**Exercise requirements**
Copy nothing but the lines below running from the line containing "(* For $n\ge1$" through the line containing "i)%:P * 'X^(i.+1).", both end lines included.

**Extracted material**

▼

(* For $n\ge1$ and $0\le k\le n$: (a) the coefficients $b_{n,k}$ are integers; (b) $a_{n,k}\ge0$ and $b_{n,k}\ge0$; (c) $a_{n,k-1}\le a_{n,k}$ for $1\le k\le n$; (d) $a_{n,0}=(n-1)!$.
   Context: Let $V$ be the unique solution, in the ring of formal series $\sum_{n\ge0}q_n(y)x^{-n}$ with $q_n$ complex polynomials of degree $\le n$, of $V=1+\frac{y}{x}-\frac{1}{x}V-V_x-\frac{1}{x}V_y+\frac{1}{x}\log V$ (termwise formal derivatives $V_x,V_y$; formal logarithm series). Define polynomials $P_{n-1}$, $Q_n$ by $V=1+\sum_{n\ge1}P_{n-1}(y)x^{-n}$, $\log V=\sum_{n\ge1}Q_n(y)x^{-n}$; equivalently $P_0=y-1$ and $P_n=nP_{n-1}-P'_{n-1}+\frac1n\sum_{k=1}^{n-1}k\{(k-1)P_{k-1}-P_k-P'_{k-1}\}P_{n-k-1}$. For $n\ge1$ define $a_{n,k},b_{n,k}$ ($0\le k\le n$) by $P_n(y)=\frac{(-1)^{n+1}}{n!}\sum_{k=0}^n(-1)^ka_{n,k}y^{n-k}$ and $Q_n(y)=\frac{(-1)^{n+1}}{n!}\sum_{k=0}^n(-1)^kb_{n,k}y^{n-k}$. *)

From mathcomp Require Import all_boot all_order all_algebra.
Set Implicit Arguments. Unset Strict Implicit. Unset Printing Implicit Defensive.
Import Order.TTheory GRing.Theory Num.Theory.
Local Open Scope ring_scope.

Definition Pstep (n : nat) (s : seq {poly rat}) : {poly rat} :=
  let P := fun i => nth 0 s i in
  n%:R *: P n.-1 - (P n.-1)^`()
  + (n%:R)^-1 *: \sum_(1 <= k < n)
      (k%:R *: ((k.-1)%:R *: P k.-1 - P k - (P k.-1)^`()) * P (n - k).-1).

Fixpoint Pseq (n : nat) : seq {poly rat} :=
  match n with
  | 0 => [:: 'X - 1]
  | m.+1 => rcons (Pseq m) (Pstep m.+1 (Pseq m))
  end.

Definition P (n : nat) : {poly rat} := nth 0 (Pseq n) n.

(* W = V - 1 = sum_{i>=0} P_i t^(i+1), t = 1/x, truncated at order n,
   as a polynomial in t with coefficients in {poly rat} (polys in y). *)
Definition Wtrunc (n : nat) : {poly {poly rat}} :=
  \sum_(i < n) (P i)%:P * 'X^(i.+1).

▲
▼

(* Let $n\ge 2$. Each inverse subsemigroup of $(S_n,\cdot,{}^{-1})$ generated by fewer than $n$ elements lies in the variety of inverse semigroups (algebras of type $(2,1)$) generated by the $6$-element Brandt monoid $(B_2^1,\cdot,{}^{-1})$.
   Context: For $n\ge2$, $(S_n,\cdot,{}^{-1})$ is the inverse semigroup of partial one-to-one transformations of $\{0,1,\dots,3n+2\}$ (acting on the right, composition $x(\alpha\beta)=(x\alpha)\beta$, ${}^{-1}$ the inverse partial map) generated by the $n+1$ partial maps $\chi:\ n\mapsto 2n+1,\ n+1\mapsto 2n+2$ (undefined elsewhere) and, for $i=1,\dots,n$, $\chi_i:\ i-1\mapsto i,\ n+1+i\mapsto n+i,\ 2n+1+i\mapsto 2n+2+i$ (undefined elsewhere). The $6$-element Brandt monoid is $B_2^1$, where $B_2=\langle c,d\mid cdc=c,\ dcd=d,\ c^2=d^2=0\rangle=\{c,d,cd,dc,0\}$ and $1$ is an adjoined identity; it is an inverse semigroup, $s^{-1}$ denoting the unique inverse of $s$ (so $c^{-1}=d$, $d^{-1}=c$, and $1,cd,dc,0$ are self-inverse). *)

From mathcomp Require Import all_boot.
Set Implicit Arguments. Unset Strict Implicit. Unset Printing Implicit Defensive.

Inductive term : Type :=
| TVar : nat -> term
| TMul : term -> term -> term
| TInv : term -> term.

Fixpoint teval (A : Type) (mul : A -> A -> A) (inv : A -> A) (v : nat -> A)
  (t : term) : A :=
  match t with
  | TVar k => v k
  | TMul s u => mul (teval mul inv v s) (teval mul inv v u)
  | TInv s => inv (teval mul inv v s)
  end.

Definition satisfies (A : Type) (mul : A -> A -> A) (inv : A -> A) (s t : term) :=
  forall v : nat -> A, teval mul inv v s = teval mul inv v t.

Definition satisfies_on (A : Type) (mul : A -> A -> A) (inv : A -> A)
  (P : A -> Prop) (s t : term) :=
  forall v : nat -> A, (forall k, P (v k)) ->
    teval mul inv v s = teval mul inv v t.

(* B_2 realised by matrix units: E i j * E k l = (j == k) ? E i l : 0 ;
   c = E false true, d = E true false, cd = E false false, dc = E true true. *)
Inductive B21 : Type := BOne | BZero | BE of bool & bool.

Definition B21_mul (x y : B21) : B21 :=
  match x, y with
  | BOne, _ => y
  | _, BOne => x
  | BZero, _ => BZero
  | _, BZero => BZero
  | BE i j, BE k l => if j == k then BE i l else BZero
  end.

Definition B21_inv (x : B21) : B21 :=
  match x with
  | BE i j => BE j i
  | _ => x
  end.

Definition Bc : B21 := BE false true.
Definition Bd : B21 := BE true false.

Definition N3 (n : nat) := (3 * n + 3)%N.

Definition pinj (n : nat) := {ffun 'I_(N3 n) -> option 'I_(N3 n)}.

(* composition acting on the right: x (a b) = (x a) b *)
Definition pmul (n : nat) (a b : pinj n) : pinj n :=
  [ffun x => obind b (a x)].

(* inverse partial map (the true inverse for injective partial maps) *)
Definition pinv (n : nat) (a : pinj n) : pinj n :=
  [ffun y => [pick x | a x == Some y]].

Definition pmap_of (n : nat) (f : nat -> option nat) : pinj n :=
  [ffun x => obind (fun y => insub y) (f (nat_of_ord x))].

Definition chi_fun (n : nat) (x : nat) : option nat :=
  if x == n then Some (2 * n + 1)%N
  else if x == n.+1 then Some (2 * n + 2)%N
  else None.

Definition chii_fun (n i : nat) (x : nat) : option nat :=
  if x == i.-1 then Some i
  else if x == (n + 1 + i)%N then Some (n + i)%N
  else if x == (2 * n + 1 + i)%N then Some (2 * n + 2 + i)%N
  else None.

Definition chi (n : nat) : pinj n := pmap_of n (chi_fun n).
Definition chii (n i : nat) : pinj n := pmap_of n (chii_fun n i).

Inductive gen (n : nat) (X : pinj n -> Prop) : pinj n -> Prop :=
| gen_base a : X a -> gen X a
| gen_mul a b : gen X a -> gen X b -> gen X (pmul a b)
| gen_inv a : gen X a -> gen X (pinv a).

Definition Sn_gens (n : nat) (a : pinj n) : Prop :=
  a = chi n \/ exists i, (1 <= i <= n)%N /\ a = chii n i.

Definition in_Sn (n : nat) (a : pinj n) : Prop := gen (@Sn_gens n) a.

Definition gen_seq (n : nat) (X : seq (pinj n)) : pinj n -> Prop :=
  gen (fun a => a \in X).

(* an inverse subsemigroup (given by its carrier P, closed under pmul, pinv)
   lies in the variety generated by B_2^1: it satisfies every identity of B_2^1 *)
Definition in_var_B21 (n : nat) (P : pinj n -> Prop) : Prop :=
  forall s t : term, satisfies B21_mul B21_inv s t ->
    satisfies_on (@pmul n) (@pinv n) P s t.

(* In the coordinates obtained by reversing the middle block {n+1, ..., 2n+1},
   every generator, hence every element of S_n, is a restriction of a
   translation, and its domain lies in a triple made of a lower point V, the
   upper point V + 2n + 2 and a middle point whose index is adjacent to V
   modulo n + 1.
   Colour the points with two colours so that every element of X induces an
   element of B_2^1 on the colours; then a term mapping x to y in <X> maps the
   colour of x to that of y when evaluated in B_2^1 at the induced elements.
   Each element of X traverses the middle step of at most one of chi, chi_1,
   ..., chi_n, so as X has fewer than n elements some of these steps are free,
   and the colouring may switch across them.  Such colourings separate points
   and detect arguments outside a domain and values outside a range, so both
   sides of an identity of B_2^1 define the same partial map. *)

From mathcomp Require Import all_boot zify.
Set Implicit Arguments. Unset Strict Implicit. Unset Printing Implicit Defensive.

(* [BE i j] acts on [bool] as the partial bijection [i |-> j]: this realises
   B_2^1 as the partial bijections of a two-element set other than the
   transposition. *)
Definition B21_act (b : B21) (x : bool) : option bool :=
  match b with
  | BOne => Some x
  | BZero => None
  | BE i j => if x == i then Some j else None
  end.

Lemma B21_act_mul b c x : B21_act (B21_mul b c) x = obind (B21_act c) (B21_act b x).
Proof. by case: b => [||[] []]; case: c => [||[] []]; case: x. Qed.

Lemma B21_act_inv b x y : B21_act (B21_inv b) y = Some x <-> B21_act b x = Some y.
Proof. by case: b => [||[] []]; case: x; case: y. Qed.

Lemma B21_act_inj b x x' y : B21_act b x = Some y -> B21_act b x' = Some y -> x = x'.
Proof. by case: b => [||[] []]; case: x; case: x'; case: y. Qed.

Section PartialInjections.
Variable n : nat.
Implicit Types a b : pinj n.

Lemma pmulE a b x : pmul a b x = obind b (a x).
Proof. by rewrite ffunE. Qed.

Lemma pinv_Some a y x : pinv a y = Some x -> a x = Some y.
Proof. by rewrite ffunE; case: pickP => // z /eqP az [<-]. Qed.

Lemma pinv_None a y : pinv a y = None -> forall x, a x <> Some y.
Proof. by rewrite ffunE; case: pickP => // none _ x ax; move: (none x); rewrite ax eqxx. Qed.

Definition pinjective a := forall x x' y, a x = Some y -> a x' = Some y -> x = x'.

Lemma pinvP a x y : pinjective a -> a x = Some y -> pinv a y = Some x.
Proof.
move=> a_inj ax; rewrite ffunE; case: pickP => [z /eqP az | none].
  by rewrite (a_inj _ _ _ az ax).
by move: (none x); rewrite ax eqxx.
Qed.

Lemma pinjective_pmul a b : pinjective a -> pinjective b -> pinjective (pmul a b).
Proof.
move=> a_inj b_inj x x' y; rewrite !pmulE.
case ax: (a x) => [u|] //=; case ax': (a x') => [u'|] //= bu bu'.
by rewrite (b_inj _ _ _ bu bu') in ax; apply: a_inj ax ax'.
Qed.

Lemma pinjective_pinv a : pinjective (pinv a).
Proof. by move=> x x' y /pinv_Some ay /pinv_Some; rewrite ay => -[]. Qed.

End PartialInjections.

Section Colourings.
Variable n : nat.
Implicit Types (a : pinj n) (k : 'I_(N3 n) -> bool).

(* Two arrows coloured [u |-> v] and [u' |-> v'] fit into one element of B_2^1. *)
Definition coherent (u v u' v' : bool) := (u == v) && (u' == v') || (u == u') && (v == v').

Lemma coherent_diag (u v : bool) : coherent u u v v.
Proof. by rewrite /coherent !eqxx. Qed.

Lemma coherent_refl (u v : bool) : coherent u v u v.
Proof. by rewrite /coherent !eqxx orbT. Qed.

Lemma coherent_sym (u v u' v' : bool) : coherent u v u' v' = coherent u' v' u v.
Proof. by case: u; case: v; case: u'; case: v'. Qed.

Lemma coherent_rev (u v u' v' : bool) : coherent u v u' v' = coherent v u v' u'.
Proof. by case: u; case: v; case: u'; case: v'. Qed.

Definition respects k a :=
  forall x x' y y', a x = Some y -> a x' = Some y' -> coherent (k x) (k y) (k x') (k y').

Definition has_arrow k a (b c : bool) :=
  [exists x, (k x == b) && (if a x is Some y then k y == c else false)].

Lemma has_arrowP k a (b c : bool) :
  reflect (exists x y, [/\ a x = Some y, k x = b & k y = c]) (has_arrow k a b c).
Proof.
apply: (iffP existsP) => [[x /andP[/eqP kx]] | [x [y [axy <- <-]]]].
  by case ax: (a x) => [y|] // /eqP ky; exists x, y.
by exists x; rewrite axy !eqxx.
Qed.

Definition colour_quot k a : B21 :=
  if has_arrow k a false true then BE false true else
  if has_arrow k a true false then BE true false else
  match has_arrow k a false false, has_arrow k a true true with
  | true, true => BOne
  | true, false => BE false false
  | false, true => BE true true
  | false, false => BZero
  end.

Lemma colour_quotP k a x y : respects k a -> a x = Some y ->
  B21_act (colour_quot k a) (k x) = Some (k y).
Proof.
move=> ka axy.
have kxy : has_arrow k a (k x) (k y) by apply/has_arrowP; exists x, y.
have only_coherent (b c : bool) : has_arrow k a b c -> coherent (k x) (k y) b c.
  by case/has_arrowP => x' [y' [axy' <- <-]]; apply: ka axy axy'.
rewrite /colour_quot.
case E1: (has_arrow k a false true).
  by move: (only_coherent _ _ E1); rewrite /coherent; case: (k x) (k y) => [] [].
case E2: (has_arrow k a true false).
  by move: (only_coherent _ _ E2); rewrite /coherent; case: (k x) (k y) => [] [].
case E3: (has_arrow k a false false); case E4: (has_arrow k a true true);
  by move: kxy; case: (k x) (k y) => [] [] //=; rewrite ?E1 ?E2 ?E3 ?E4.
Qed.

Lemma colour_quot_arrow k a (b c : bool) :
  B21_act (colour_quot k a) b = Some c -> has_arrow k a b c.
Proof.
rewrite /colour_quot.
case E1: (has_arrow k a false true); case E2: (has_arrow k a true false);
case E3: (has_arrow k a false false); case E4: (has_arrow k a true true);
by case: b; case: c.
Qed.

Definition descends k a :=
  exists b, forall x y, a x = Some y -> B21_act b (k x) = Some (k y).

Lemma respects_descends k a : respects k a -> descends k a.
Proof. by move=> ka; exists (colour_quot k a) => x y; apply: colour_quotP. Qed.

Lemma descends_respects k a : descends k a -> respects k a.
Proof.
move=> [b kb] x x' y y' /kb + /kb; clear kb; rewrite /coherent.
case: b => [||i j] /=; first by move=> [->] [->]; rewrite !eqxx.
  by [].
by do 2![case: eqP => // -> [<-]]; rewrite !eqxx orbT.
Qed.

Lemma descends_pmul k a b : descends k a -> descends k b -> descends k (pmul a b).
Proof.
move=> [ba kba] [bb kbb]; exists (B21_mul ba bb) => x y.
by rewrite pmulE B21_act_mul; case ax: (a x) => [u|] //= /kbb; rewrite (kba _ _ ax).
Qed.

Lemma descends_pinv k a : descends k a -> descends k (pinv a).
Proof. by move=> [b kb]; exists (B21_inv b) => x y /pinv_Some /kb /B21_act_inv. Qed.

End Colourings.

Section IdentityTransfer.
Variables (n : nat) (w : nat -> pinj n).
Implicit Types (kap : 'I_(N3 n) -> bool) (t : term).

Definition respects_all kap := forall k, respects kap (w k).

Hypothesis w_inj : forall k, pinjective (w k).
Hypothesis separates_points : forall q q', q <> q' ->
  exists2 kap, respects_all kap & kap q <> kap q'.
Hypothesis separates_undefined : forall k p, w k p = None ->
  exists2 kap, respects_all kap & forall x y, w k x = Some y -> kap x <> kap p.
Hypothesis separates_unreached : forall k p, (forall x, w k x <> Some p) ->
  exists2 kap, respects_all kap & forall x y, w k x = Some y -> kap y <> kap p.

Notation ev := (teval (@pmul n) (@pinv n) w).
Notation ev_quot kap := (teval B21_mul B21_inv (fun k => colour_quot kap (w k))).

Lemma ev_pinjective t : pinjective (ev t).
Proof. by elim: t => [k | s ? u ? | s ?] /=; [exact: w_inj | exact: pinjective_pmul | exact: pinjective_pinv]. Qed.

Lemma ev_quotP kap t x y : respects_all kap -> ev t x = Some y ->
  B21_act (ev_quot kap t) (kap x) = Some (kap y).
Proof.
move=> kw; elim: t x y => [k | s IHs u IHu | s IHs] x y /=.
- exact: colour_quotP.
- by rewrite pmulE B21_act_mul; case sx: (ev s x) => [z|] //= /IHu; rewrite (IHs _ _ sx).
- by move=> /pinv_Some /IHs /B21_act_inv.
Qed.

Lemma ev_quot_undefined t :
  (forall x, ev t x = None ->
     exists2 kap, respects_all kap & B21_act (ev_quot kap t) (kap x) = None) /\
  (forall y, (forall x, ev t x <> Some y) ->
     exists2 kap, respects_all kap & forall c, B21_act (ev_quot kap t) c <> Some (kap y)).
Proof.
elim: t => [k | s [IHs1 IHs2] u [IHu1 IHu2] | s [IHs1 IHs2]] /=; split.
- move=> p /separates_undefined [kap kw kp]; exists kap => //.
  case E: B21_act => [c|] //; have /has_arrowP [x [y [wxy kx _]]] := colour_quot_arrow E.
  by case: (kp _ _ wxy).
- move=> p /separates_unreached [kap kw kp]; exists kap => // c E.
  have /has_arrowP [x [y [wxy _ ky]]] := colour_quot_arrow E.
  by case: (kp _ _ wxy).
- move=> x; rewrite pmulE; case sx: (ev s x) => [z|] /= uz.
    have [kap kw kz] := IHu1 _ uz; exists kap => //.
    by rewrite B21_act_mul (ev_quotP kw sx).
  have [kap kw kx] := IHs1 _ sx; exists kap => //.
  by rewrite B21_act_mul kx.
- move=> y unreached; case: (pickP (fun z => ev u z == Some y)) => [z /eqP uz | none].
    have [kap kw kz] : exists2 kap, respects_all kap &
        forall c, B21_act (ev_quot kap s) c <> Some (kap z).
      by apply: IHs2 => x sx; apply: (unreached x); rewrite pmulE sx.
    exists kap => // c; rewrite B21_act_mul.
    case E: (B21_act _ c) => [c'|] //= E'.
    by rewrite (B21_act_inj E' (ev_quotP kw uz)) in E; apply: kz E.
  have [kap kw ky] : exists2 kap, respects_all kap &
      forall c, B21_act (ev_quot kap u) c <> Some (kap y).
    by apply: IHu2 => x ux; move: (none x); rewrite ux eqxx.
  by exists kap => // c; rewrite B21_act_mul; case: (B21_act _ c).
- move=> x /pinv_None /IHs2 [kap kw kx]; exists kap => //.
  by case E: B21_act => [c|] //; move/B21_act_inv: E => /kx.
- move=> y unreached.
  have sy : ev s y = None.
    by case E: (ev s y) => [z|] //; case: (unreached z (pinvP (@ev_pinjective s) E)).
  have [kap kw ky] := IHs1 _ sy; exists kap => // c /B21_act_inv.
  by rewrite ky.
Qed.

▲

**Problem solution**
(* For $n\ge1$ and $0\le k\le n$: (a) the coefficients $b_{n,k}$ are integers; (b) $a_{n,k}\ge0$ and $b_{n,k}\ge0$; (c) $a_{n,k-1}\le a_{n,k}$ for $1\le k\le n$; (d) $a_{n,0}=(n-1)!$.
   Context: Let $V$ be the unique solution, in the ring of formal series $\sum_{n\ge0}q_n(y)x^{-n}$ with $q_n$ complex polynomials of degree $\le n$, of $V=1+\frac{y}{x}-\frac{1}{x}V-V_x-\frac{1}{x}V_y+\frac{1}{x}\log V$ (termwise formal derivatives $V_x,V_y$; formal logarithm series). Define polynomials $P_{n-1}$, $Q_n$ by $V=1+\sum_{n\ge1}P_{n-1}(y)x^{-n}$, $\log V=\sum_{n\ge1}Q_n(y)x^{-n}$; equivalently $P_0=y-1$ and $P_n=nP_{n-1}-P'_{n-1}+\frac1n\sum_{k=1}^{n-1}k\{(k-1)P_{k-1}-P_k-P'_{k-1}\}P_{n-k-1}$. For $n\ge1$ define $a_{n,k},b_{n,k}$ ($0\le k\le n$) by $P_n(y)=\frac{(-1)^{n+1}}{n!}\sum_{k=0}^n(-1)^ka_{n,k}y^{n-k}$ and $Q_n(y)=\frac{(-1)^{n+1}}{n!}\sum_{k=0}^n(-1)^kb_{n,k}y^{n-k}$. *)

From mathcomp Require Import all_boot all_order all_algebra.
Set Implicit Arguments. Unset Strict Implicit. Unset Printing Implicit Defensive.
Import Order.TTheory GRing.Theory Num.Theory.
Local Open Scope ring_scope.

Definition Pstep (n : nat) (s : seq {poly rat}) : {poly rat} :=
  let P := fun i => nth 0 s i in
  n%:R *: P n.-1 - (P n.-1)^`()
  + (n%:R)^-1 *: \sum_(1 <= k < n)
      (k%:R *: ((k.-1)%:R *: P k.-1 - P k - (P k.-1)^`()) * P (n - k).-1).

Fixpoint Pseq (n : nat) : seq {poly rat} :=
  match n with
  | 0 => [:: 'X - 1]
  | m.+1 => rcons (Pseq m) (Pstep m.+1 (Pseq m))
  end.

Definition P (n : nat) : {poly rat} := nth 0 (Pseq n) n.

(* W = V - 1 = sum_{i>=0} P_i t^(i+1), t = 1/x, truncated at order n,
   as a polynomial in t with coefficients in {poly rat} (polys in y). *)
Definition Wtrunc (n : nat) : {poly {poly rat}} :=
  \sum_(i < n) (P i)%:P * 'X^(i.+1).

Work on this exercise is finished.